What the task requires —
Scan the records below for the string "Duality" and return every line where it appears.

^^^^

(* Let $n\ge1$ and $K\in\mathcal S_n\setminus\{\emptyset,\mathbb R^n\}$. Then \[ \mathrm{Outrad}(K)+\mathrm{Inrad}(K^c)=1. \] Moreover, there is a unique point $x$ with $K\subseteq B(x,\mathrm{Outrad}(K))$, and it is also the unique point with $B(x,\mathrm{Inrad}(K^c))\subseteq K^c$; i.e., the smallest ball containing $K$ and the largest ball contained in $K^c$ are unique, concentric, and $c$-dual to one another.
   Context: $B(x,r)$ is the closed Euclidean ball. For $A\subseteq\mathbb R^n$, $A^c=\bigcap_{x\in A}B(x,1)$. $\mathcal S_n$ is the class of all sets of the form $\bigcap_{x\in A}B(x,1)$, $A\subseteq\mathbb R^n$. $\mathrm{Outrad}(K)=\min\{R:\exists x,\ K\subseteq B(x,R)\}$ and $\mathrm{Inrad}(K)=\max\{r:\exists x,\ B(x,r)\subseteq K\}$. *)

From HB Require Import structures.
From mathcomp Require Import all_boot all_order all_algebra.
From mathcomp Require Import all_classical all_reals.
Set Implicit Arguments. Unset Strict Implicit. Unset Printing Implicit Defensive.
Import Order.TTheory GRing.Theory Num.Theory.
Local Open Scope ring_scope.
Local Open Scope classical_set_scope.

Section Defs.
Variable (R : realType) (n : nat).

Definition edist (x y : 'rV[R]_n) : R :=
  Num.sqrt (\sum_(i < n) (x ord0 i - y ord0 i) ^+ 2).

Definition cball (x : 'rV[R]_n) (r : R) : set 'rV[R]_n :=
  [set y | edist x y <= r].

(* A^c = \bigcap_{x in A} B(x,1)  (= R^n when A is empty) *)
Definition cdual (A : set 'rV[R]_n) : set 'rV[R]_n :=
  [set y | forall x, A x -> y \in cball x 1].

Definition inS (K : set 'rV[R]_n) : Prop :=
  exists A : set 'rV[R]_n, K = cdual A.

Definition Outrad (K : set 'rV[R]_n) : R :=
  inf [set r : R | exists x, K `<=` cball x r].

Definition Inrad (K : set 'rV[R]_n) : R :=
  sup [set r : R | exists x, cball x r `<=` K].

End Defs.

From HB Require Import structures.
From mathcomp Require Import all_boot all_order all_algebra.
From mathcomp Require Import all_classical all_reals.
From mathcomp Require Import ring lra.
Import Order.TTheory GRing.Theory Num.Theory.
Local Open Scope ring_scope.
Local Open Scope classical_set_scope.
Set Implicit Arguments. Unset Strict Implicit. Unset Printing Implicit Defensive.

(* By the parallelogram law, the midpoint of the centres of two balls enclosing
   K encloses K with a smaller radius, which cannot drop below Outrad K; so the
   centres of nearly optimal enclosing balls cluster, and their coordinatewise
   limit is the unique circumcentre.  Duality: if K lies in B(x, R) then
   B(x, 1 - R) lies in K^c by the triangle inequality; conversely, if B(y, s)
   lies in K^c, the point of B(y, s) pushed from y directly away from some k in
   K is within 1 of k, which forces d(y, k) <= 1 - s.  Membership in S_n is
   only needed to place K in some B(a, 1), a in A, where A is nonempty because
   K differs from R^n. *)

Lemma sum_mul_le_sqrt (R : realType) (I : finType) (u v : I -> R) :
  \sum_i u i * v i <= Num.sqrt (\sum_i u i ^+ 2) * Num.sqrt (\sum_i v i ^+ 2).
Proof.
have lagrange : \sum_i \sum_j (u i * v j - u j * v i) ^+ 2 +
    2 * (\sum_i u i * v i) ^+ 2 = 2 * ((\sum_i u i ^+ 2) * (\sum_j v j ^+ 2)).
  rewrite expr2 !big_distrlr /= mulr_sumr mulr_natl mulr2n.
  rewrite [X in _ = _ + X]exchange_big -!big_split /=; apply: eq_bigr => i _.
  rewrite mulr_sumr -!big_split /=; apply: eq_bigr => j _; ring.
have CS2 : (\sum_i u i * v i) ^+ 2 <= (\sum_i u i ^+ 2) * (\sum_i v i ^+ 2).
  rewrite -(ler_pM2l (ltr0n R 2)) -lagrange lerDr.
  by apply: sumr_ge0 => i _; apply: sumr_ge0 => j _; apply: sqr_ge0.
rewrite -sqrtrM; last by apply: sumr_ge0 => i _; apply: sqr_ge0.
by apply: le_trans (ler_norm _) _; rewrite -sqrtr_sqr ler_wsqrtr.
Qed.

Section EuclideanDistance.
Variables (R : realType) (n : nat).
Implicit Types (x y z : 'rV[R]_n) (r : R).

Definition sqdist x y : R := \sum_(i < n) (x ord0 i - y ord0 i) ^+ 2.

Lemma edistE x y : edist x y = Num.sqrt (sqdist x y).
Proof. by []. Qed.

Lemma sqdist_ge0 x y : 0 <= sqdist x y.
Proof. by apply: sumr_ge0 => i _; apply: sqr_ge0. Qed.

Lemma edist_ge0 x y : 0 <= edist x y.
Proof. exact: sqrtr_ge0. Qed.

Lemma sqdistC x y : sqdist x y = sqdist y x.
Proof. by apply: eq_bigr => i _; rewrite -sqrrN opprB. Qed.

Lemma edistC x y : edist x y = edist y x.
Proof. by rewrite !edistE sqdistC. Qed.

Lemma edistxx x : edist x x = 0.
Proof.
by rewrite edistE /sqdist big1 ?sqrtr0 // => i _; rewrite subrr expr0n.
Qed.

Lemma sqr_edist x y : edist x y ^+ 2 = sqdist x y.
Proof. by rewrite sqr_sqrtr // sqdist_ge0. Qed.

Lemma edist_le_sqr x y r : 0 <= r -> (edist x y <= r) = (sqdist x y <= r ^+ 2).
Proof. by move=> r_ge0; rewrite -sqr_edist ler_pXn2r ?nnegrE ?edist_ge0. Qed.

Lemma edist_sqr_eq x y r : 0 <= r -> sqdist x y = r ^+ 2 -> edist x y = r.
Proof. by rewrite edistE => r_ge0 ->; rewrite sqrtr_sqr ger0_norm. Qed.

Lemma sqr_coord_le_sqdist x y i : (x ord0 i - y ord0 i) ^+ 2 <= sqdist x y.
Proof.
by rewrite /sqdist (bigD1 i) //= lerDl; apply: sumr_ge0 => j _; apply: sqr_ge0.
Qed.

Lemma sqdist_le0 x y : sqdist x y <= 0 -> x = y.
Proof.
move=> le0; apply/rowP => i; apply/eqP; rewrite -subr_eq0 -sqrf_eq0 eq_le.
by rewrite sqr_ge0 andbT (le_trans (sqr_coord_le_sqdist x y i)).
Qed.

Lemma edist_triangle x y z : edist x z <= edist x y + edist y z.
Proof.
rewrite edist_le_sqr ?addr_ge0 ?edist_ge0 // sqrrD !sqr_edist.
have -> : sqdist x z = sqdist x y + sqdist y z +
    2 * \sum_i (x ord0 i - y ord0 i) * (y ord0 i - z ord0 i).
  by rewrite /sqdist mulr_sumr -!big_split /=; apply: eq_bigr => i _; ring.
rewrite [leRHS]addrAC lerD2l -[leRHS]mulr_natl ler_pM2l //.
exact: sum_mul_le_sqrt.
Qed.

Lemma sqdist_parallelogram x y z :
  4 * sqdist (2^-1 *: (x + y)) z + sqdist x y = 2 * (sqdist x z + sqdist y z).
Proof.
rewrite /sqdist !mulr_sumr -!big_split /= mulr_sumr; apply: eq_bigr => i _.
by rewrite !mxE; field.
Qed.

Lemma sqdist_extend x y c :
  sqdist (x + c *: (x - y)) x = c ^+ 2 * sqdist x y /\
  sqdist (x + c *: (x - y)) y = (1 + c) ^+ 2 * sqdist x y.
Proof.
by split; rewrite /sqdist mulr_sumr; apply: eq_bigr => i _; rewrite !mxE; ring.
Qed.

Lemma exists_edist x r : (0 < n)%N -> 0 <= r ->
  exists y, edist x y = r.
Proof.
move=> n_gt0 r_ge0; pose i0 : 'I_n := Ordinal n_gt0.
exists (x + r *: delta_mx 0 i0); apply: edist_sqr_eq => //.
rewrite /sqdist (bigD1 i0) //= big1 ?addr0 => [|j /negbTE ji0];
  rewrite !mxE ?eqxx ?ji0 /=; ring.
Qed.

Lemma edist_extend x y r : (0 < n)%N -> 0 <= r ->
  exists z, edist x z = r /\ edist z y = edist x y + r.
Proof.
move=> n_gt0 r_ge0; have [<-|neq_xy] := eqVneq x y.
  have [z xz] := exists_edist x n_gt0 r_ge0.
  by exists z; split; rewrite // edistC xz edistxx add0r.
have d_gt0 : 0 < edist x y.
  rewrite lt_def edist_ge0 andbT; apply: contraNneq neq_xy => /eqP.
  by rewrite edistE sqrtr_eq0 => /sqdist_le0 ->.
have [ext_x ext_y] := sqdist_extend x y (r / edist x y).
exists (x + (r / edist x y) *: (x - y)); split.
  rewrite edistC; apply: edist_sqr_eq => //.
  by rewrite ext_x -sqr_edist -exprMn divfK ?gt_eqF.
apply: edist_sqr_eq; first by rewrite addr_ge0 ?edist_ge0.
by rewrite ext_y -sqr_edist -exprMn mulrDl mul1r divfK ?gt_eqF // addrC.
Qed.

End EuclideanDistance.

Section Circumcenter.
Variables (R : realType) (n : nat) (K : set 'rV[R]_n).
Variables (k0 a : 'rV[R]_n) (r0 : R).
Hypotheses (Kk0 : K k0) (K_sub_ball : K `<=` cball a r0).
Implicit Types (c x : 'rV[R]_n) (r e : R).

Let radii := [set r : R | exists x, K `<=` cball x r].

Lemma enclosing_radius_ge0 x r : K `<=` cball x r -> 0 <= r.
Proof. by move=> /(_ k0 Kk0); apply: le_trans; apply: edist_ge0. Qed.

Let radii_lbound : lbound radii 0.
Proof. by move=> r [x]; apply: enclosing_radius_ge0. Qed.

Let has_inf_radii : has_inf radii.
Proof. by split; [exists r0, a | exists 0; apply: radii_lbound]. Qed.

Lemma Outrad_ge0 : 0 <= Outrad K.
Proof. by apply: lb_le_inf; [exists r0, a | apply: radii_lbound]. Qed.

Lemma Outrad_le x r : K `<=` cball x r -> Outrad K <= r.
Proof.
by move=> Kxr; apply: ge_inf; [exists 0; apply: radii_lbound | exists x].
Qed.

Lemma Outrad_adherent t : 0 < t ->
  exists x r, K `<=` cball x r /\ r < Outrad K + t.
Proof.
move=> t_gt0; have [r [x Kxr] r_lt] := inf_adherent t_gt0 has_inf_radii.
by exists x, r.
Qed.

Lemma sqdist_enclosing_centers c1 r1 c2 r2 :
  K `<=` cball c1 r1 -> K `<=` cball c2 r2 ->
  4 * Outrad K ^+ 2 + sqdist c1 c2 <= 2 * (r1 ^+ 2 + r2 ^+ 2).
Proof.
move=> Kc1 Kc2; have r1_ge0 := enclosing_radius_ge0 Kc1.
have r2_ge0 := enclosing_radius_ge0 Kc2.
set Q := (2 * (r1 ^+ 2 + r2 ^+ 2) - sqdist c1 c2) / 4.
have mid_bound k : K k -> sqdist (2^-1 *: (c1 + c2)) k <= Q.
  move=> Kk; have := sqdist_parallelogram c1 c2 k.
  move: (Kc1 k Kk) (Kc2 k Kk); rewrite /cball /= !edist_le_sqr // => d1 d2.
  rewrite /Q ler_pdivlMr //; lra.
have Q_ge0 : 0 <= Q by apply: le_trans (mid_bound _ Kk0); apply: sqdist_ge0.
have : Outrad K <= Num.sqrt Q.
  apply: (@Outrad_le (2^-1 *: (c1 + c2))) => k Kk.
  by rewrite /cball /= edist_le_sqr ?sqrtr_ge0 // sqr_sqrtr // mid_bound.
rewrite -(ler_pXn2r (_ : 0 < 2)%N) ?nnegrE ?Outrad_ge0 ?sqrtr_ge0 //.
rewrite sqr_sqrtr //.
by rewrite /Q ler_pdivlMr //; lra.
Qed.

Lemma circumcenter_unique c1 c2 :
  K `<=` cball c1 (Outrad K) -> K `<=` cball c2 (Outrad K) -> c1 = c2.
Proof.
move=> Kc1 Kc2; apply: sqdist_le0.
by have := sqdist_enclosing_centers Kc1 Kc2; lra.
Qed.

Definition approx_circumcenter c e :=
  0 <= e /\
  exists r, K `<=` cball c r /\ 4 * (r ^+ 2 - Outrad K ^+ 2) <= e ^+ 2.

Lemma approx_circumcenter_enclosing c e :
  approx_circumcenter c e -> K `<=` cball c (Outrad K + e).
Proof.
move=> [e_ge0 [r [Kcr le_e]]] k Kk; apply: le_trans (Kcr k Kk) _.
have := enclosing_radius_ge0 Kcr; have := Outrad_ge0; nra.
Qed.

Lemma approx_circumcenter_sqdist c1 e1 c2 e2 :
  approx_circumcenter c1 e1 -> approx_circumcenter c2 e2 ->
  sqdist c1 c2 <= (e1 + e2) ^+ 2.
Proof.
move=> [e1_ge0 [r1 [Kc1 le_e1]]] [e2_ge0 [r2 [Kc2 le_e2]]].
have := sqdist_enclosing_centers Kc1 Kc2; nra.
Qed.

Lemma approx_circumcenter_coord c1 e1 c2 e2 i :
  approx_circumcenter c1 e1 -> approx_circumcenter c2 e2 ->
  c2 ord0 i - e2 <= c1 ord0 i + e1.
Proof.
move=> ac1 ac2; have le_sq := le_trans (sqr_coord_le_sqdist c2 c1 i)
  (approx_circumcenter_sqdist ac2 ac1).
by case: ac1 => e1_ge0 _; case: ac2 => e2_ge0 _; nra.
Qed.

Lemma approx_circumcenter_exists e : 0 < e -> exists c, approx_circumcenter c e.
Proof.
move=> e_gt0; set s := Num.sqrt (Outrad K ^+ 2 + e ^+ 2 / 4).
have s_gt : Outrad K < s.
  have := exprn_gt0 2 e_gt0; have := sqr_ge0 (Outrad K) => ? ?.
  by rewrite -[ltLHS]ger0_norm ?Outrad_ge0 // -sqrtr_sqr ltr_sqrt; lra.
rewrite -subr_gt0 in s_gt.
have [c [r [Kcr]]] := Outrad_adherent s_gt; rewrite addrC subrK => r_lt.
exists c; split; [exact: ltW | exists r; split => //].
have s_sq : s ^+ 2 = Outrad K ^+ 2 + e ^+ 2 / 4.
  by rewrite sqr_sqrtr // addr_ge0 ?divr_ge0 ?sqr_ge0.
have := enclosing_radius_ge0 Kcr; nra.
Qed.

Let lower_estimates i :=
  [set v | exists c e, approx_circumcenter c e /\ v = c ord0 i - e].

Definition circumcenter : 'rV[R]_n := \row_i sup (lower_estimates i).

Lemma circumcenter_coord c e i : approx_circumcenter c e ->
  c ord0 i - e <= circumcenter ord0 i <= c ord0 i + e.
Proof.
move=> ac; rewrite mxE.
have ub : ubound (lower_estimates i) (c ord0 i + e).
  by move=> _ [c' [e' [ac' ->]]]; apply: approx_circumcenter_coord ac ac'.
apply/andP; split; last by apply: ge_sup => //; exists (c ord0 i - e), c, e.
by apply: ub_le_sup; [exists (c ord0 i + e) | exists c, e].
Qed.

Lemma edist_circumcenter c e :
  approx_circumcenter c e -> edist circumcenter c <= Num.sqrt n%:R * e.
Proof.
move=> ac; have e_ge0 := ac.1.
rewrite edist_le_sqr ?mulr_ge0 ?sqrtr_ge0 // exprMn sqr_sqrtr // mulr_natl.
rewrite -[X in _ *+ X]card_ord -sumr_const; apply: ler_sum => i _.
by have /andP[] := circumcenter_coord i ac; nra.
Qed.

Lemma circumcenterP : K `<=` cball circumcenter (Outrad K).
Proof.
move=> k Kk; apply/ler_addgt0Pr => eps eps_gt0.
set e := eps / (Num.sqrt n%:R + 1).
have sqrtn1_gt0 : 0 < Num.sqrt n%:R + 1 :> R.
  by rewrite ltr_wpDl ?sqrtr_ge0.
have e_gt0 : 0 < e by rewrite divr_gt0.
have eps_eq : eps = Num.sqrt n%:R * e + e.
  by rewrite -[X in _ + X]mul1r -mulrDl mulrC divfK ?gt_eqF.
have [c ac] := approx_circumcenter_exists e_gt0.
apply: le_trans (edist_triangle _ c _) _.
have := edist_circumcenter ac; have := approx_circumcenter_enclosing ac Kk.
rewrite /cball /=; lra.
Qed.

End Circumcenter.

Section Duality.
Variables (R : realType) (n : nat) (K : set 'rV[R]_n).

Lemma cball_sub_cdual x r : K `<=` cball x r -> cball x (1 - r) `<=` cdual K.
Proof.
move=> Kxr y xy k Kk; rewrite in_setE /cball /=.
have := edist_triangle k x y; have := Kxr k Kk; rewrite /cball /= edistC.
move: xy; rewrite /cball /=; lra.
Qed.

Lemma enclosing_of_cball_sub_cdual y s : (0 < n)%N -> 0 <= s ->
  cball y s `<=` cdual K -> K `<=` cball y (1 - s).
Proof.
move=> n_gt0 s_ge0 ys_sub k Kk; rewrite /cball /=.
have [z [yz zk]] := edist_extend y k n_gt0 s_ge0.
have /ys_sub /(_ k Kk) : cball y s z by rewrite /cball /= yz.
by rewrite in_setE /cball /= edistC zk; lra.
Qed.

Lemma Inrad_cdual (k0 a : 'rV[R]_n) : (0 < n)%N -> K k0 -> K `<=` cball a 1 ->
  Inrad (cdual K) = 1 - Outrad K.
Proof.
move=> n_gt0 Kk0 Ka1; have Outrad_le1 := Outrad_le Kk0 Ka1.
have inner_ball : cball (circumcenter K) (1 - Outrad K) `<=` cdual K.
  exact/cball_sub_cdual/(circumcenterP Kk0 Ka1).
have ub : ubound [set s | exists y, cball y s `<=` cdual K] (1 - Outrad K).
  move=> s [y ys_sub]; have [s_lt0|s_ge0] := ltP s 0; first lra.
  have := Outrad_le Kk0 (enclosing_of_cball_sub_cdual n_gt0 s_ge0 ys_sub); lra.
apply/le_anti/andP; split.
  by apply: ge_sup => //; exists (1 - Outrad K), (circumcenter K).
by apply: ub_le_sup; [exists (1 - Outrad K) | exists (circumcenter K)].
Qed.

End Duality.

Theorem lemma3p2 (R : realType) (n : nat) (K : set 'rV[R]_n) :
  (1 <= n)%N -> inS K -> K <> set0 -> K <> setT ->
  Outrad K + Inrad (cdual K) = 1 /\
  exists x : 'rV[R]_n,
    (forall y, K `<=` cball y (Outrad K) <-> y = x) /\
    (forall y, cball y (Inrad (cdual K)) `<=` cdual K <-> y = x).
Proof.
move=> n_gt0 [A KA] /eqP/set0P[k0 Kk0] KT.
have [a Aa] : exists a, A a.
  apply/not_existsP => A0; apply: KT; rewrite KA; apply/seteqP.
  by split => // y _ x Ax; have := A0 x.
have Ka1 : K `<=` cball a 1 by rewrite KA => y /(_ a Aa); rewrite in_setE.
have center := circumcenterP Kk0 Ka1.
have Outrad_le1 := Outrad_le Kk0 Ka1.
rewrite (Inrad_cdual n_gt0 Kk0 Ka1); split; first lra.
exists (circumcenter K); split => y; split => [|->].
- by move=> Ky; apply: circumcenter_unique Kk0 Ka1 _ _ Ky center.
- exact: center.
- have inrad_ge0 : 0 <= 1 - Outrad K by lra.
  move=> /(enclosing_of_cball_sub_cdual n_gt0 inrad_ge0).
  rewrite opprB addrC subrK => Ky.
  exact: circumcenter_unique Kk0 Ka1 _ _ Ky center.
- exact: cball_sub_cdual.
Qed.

^^^^

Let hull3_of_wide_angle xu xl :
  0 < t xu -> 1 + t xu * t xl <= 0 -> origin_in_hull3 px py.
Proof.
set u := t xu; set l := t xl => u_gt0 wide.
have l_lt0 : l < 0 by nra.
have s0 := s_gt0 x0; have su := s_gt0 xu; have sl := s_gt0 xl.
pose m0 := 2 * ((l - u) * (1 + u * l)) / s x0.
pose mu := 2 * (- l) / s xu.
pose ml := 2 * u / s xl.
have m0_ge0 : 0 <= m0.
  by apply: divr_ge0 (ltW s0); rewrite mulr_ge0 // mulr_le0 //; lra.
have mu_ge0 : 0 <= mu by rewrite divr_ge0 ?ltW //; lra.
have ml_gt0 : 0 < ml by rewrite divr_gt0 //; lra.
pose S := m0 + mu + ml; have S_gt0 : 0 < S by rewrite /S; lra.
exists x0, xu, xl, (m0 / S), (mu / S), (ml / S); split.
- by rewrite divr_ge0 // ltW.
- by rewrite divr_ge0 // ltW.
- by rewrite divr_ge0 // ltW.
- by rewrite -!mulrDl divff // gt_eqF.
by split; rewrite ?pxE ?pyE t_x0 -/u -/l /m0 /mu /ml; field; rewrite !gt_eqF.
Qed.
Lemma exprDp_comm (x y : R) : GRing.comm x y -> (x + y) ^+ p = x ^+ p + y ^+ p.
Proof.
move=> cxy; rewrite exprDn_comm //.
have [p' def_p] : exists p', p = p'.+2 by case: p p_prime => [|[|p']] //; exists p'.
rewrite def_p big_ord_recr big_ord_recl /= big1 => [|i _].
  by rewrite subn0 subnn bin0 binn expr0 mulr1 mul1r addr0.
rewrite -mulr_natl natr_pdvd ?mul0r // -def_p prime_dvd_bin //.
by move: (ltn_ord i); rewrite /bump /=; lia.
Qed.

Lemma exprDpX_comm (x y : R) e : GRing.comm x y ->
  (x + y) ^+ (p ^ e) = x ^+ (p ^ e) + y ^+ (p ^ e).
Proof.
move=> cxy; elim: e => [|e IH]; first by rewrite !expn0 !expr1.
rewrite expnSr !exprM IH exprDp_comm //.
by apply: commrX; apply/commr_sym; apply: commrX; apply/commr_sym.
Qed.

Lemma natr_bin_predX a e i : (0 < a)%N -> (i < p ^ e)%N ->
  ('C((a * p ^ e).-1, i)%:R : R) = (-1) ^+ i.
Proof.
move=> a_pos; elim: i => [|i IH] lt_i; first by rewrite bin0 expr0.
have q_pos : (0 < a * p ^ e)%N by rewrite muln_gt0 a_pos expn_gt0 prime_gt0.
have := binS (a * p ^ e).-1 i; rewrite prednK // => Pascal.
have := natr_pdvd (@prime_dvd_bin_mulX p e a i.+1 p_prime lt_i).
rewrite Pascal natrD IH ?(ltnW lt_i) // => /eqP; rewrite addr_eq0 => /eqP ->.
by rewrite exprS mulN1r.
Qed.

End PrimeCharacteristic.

^^^^

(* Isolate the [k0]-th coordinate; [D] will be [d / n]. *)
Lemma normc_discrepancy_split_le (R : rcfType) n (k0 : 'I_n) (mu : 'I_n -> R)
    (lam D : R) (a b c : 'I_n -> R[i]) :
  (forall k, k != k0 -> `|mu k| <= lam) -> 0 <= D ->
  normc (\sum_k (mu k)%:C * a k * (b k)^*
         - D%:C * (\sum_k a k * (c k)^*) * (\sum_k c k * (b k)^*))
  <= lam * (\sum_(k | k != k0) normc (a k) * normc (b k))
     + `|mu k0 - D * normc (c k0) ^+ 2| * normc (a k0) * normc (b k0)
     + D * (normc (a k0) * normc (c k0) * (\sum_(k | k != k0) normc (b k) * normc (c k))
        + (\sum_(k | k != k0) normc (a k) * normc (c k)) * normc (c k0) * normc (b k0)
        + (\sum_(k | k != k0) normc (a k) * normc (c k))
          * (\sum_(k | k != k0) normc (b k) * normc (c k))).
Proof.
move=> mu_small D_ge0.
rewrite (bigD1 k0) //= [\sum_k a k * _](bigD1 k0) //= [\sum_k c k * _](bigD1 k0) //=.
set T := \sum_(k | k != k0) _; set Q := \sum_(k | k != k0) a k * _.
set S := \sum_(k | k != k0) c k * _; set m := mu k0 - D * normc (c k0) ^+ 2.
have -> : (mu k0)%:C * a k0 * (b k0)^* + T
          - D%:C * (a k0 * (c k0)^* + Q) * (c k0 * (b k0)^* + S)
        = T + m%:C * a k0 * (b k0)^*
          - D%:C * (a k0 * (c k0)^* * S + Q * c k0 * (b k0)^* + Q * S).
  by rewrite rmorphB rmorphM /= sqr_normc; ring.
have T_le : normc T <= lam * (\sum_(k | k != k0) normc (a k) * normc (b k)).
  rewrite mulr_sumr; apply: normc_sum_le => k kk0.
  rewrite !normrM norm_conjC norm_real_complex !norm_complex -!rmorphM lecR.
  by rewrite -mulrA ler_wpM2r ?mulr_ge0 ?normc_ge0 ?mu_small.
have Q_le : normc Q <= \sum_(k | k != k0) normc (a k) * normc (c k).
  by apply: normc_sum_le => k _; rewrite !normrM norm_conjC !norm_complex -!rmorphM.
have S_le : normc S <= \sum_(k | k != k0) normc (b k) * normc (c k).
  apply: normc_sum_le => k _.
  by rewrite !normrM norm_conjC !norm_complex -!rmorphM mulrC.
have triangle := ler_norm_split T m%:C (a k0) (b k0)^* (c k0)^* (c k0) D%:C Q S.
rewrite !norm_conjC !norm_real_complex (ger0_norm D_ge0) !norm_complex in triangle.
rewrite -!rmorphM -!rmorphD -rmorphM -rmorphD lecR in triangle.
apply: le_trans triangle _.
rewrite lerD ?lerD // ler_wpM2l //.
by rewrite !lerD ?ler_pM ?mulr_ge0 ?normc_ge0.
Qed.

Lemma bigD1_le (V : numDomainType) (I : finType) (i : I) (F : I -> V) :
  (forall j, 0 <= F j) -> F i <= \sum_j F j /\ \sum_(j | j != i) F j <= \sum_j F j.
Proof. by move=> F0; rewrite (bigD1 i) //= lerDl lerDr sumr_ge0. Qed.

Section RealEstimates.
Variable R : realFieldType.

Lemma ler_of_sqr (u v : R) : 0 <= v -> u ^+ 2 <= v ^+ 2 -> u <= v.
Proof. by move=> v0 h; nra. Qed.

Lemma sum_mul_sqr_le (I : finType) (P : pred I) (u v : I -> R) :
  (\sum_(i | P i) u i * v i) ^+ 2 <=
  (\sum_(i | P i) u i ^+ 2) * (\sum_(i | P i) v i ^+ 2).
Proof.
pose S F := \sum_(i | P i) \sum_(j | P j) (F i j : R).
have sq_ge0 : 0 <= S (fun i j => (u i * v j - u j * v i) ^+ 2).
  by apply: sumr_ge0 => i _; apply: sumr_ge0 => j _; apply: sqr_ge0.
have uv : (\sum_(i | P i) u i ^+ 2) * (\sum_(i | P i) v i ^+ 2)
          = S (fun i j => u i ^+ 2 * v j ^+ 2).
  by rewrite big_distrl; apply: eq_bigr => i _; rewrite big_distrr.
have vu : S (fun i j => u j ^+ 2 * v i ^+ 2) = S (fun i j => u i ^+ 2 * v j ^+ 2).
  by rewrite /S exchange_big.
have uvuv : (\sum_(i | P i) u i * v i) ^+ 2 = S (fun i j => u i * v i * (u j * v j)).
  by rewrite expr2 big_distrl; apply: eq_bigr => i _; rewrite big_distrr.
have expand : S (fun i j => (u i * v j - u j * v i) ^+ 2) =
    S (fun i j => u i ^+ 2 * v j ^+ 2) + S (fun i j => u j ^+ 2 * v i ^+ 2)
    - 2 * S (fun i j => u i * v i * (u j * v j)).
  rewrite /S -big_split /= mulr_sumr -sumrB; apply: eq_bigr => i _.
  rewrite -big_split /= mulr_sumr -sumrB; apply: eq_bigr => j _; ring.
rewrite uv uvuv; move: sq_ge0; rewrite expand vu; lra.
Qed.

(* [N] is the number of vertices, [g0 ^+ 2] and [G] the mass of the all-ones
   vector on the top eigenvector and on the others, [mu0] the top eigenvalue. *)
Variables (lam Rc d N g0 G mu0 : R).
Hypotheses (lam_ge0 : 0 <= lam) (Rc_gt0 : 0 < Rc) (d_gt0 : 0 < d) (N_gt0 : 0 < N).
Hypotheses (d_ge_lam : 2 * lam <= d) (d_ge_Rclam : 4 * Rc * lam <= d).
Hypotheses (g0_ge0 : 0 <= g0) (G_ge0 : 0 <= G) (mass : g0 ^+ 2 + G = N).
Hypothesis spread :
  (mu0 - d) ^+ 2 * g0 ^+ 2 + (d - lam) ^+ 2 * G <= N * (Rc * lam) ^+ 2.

^^^^

Answer to this exercise —
   limit is the unique circumcentre.  Duality: if K lies in B(x, R) then
Section Duality.
End Duality.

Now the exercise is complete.